The situation in Ansan may be unique because in the area around the station, foreigners make up about 60 percent of the population. A closer look at other emerging foreign communities in Seoul and Gyeonggi province, however, shows that similar multicultural communities are emerging even where foreigners are in the minority. Since the 1990s, Garibong-dong in the southwest corner of the city has become the center of life for ethnic Koreans from China who have turned the area into a thriving Korea-Chinatown. In Changshin-dong near Dongdaemun market, Vietnamese and other foreign workers are giving new life to the aging Changshin market. The same is true with parts of Bucheon, where workers from Nepal and Burma are concentrated. In Hyehwa-dong, Filipinos have become more common, creating an instant Little Manila near the Seongdong Cathedral every Sunday. Finally, Itaewon, which has always had a large concentration of foreigners, mostly Americans, is becoming increasingly diverse as South Asians and Africans have been moving into the area.
In each of these areas, foreign workers have moved into older areas that Koreans have left in favor of new areas, such as Bundang and Ilsan. The influx of foreign workers has created new commercial needs that Korean merchants are all too willing to meet. At the same time, the workers do jobs that Koreans no longer want to do. Many of the workers in butcher houses in Seoul, for example, are now Mongolian. As the number of foreign workers increases, they become more integrated into the economy and local communities as Koreans depend on them for labor and business and they depend on Koreans for jobs and protection.

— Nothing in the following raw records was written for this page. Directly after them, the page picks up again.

Lemma under_barrier_closed T : 0 < T ->
  (forall s, 0 <= s -> s < T -> under_barrier s) -> under_barrier T.
Proof.
move=> T_gt0 below i; rewrite ltNge; apply/negP => BT_le.
have T0 := ltW T_gt0.
have BT_gt0 : 0 < B T := barrier_gt0 M_gt0 a_ge0 T0.
have cn_gt0 : 0 < cn := le_lt_trans D_ge0 D_lt_cn.
have aD_gt0 : 0 < a + D by have := D_ge0; have := D_lt_cn; lra.
pose rho := a * B T / (2 * cn).
have rho_gt0 : 0 < rho by apply: divr_gt0; apply: mulr_gt0.
have [d1 d1_gt0 near_xT] := within_ge0_continuous_dist_lt (x_cont i) T0 rho_gt0.
have [d /andP[d_gt0 d_le] slope] := touching_slope T i T_gt0 below BT_le.
pose gap := B T / (2 * (a + D) * M).
have gap_gt0 : 0 < gap by rewrite divr_gt0 // !mulr_gt0.
have [L [L_gt0 [L_d L_d1 L_gap]]] : exists L, 0 < L /\ [/\ L < d, L < d1 & L < gap].
  pose m := Num.min (Num.min d d1) gap.
  have m_gt0 : 0 < m by rewrite !lt_min d_gt0 d1_gt0 gap_gt0.
  have [m_d [m_d1 m_gap]] : m <= d /\ m <= d1 /\ m <= gap.
    by have := le_refl m; rewrite {2}/m !le_min => /andP[/andP[-> ->] ->].
  by exists (m / 2); split; [|split]; lra.
have sT : T - L < T by lra.
have [|p [c /andP[sc cT] slope_c]] := slope (T - L) _ sT; first by lra.
have s0 : 0 <= T - L by lra.
have c0 : 0 <= c by lra.
have F_c : `|F p c i| <= D * B c.
  by apply: F_le => [|j]; [exact: barrier_ge0|exact/ltW/below].
have lip := barrier_lipschitz M_ge0 a_ge0 s0 (ltW sT).
have Bc_le : B c <= B (T - L) := barrier_le_mono M_ge0 a_ge0 s0 (ltW sc).
have xc_xT : `|x c i - x T i| < rho.
  by apply: near_xT => //; rewrite distrC ger0_norm; lra.
have sg_xc : `|x T i| - `|x c i - x T i| <= Num.sg (x T i) * x c i.
  have := sgr_mul_le_norm (x T i) (x T i - x c i).
  by rewrite -normrN opprB mulrBr -normrEsg; lra.
have cn_xc : cn * (B T - rho) <= cn * (Num.sg (x T i) * x c i) by rewrite ler_pM2l //; lra.
have cn_rho : cn * rho = a * B T / 2 by rewrite /rho; field; rewrite gt_eqF.
have D_Bc : D * B c <= D * B (T - L) by rewrite ler_wpM2l.
have aD_lip : (a + D) * (B (T - L) - B T) <= (a + D) * (M * a * (T - (T - L))).
  by rewrite ler_wpM2l // ltW.
have aL_small : a * (L * (2 * (a + D) * M)) < a * B T.
  by rewrite ltr_pM2l // -ltr_pdivlMr // mulr_gt0 // mulr_gt0.
have := sgr_mul_le_norm (x T i) (F p c i); rewrite mulrDr (mulrCA (Num.sg _)) in slope_c.
have := D_ge0; lra.
Qed.

Lemma under_barrier_open T : 0 <= T -> under_barrier T ->
  exists2 d, 0 < d & forall s, T < s -> s < T + d -> under_barrier s.
Proof.
move=> T0 xT.
have : \forall s \near T, forall i, 0 <= s -> T <= s -> `|x s i| < B s.
  apply: (@filter_forall R _ (fun i s => 0 <= s -> T <= s -> `|x s i| < B s)
    (nbhs T) (nbhs_filter T)) => i.
  have gap_gt0 : 0 < B T - `|x T i| by rewrite subr_gt0.
  have [d1 d1_gt0 near_xT] := within_ge0_continuous_dist_lt (x_cont i) T0
    (divr_gt0 gap_gt0 (ltr0Sn _ 1)).
  have Ma_gt0 : 0 < 2 * M * a := mulr_gt0 (mulr_gt0 (ltr0Sn _ 1) M_gt0) a_gt0.
  have d2_gt0 : 0 < (B T - `|x T i|) / (2 * M * a) by rewrite divr_gt0.
  apply/nbhs_normP; exists (Num.min d1 ((B T - `|x T i|) / (2 * M * a))) => /=.
    by rewrite lt_min d1_gt0 d2_gt0.
  move=> s /=; rewrite lt_min distrC => /andP[sd1 sd2] s0 Ts.
  have lip := barrier_lipschitz M_ge0 a_ge0 T0 Ts.
  have xs_xT := near_xT s s0 sd1.
  rewrite ger0_norm ?subr_ge0 // ltr_pdivlMr // in sd2.
  have : `|x s i| <= `|x T i| + `|x s i - x T i|.
    by rewrite -[x s i in leLHS](subrK (x T i)) addrC ler_normD.
  lra.
move=> /nbhs_normP[d /= d_gt0 near_T]; exists d => // s Ts sTd i.
by apply: near_T; [rewrite /ball_ /= distrC ger0_norm|..]; lra.
Qed.

Lemma barrier_decay t : 0 <= t -> forall i, `|x t i| < B t.
Proof.
apply: (@real_induction_ge0 _ under_barrier) => [T T0 below|T T0 below]; last first.
  exact: under_barrier_open (below T T0 (lexx T)).
case: (ltgtP 0 T) T0 => [T_gt0 _|//|<- _]; first exact: under_barrier_closed.
by move=> i; rewrite /barrier mulr0 addr0 divr1.
Qed.

End BarrierDecay.

Arguments barrier_decay {R N cn D tau M x F}.

Lemma clip_itv {R : realType} {lo hi : R} (y : R) : lo <= hi -> lo <= clip lo hi y <= hi.
Proof.
move=> lo_hi; rewrite /clip; case: ltP => [_|y_hi]; first by rewrite lo_hi lexx.
by case: ltP => [_|lo_y]; rewrite ?lexx ?lo_y.
Qed.

Lemma norm_gamma_th_le {R : realType} (th s : R) : `|gamma_th th s| <= `|s|.
Proof. by rewrite /gamma_th; case: ifP; rewrite ?normr0. Qed.

Lemma norm_weight_update_le {R : realType} {N : nat} (Ep Em : rel 'I_N)
    (cap cam lom him lop hip : R) (phi : R -> R) a y i j :
  lom < him -> him < 0 -> 0 < lop -> lop < hip ->
  `|weight_update Ep Em cap cam lom him lop hip phi a y i j| <= Num.max hip `|lom|.
Proof.
move=> lom_him him_lt0 lop_gt0 lop_hip.
have hip_le : hip <= Num.max hip `|lom| by rewrite le_max lexx.
have lom_le : `|lom| <= Num.max hip `|lom| by rewrite le_max lexx orbT.
have lomE : `|lom| = - lom by rewrite ltr0_norm // (lt_trans lom_him).
rewrite /weight_update; case: (i == j); first by rewrite normr0; lra.
case: (Em j i).
  have /andP[] := clip_itv (cam * a i j - phi (y i * y j)) (ltW lom_him).
  by rewrite ler_norml; lra.
case: (Ep j i); last by rewrite normr0; lra.
have /andP[] := clip_itv (cap * a i j + phi (y i * y j)) (ltW lop_hip).
by rewrite ler_norml; lra.
Qed.

Lemma norm_sum_indeg_le {R : realType} {N : nat} (E : rel 'I_N) (w y : 'I_N -> R)
    (wmax V : R) i :
  0 <= wmax -> 0 <= V -> (forall j, E j i -> `|w j| <= wmax) -> (forall j, `|y j| <= V) ->
  `|\sum_(j < N | E j i) w j * y j| <= (max_indeg E)%:R * wmax * V.
Proof.
move=> wmax_ge0 V_ge0 w_le y_le.
apply: le_trans (ler_norm_sum _ _ _) _.
apply: le_trans (_ : \sum_(j < N | E j i) wmax * V <= _).
  by apply: ler_sum => j Eji; rewrite normrM ler_pM ?w_le.
rewrite sumr_const -mulrnAl ler_wpM2r // mulr_natl; apply: ler_wpMn2l => //.
rewrite (_ : #|_| = indeg E i); last by rewrite /indeg cardsE.
exact: leq_bigmax.
Qed.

What then is Chuseok in the emerging multicultural pockets of Korea? A holiday to fight about credit card debts? Perhaps, but it is more a celebration of community as Koreans and foreign workers meet in the public spaces of parks, shops, and markets. The story of multicultural communities in Korea has just begun, but will soon reach a turning point in the plot. Will Koreans permit, if not encourage, foreign workers to establish themselves in Korea? Or will they enforce “otherness” by rejecting those who wear out their welcome? The answer to this question, like so many other things related to Korea, most likely depends on when and how reunification takes place.